AIM OF THE EXERCISE
A single number is the expected answer: the count of lines in the records below that contain "adjmx".

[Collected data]
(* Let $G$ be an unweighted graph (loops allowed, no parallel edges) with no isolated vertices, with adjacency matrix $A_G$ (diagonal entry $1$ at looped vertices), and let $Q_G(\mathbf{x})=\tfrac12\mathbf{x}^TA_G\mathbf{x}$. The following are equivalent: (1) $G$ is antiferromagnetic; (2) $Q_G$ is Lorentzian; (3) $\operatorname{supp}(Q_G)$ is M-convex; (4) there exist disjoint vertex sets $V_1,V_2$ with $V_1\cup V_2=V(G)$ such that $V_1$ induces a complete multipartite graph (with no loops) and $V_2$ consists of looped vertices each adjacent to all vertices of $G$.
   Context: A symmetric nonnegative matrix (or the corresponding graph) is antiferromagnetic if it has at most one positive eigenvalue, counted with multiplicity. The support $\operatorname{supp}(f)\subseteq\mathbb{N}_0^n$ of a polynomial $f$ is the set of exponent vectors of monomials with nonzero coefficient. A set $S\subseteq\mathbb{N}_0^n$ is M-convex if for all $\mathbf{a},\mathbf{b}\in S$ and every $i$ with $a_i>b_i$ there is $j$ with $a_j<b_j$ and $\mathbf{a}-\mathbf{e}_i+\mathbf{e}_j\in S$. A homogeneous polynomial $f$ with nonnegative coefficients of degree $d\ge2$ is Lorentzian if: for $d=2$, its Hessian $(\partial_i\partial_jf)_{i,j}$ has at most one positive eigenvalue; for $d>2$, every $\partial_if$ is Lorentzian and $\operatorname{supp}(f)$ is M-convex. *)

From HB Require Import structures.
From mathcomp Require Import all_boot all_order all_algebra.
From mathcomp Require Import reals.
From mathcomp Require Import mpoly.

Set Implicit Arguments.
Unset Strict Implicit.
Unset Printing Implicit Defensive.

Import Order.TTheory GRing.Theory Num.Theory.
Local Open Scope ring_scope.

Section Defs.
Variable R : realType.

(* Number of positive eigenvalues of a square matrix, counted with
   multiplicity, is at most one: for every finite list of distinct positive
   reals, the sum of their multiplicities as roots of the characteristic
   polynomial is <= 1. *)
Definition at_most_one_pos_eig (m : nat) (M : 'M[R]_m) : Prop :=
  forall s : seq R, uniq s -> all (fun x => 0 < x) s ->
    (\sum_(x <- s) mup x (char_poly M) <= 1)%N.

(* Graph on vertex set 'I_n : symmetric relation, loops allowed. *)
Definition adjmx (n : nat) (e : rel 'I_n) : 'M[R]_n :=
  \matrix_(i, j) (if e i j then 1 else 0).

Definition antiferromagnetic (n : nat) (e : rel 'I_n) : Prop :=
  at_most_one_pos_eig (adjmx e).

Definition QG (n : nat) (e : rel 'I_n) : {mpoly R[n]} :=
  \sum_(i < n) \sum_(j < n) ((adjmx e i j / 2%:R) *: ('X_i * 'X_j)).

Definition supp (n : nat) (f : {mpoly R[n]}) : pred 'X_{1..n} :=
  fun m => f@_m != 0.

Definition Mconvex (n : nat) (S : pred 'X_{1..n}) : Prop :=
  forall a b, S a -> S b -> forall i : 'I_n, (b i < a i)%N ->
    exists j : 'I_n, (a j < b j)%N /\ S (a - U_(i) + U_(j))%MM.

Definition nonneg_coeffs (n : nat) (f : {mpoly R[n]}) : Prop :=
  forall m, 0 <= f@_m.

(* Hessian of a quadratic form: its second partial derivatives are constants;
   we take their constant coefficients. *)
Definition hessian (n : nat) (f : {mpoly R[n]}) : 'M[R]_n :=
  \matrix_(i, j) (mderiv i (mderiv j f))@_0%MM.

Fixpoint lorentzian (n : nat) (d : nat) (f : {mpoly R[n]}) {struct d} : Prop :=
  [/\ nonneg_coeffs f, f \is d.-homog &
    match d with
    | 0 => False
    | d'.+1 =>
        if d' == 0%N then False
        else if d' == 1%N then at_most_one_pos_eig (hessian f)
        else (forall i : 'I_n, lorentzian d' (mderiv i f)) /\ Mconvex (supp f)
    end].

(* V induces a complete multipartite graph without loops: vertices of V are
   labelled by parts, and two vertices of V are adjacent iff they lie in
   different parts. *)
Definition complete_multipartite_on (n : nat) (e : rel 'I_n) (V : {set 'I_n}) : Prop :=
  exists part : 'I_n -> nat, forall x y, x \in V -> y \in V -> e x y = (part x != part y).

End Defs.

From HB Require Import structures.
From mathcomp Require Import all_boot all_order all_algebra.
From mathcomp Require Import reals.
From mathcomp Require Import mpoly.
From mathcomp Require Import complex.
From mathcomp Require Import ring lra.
--
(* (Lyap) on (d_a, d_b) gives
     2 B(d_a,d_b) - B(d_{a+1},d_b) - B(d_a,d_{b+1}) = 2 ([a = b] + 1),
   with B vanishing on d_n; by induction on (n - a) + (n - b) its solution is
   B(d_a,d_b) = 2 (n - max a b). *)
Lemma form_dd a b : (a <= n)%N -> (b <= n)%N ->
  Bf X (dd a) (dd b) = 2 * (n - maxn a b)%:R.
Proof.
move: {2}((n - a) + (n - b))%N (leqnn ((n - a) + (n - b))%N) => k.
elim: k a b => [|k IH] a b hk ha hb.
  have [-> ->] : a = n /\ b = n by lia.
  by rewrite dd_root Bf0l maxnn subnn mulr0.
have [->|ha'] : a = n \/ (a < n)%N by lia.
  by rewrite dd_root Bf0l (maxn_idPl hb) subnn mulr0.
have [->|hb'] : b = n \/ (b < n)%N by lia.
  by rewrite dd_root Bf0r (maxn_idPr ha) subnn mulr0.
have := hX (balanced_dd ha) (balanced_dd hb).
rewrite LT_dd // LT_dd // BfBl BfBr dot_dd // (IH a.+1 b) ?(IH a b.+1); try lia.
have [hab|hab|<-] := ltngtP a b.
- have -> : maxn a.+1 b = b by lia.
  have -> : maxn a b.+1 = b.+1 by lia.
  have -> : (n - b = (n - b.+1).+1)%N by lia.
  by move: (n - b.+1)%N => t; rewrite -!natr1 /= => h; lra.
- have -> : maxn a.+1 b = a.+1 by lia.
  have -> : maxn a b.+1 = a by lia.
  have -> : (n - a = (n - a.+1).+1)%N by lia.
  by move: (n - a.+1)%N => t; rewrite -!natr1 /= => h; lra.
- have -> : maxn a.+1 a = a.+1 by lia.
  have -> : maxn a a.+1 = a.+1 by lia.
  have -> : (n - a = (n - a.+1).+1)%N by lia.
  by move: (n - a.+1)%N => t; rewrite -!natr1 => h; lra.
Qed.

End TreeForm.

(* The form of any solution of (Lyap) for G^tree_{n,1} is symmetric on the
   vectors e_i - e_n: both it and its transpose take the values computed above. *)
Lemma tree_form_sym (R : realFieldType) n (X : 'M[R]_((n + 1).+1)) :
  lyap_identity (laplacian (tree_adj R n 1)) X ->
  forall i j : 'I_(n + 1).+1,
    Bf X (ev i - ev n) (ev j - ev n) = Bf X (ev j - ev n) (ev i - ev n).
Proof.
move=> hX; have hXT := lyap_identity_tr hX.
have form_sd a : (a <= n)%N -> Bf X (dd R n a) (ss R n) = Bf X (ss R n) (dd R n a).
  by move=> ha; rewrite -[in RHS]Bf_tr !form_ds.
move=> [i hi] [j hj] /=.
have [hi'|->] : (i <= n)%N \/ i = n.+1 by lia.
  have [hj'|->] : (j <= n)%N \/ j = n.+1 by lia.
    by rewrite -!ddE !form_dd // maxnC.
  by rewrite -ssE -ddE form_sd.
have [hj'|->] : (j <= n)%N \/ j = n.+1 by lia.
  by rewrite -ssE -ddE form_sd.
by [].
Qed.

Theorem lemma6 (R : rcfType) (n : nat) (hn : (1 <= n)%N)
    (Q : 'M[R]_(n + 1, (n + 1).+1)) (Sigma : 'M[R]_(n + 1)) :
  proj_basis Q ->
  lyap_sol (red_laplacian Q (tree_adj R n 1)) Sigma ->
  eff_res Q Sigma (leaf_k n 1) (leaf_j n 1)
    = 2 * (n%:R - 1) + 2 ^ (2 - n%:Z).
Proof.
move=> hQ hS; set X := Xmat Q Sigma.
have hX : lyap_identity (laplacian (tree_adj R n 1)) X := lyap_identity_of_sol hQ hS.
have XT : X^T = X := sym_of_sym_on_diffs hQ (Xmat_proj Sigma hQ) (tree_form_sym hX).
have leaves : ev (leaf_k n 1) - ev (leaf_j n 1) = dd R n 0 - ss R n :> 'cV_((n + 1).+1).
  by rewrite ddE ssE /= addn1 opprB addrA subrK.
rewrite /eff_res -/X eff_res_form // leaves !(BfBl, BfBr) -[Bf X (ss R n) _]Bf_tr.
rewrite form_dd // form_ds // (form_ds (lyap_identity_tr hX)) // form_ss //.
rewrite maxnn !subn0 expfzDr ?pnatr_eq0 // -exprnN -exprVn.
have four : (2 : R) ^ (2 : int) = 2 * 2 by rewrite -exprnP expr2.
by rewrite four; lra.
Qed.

RESPONSE TO THIS EXERCISE
3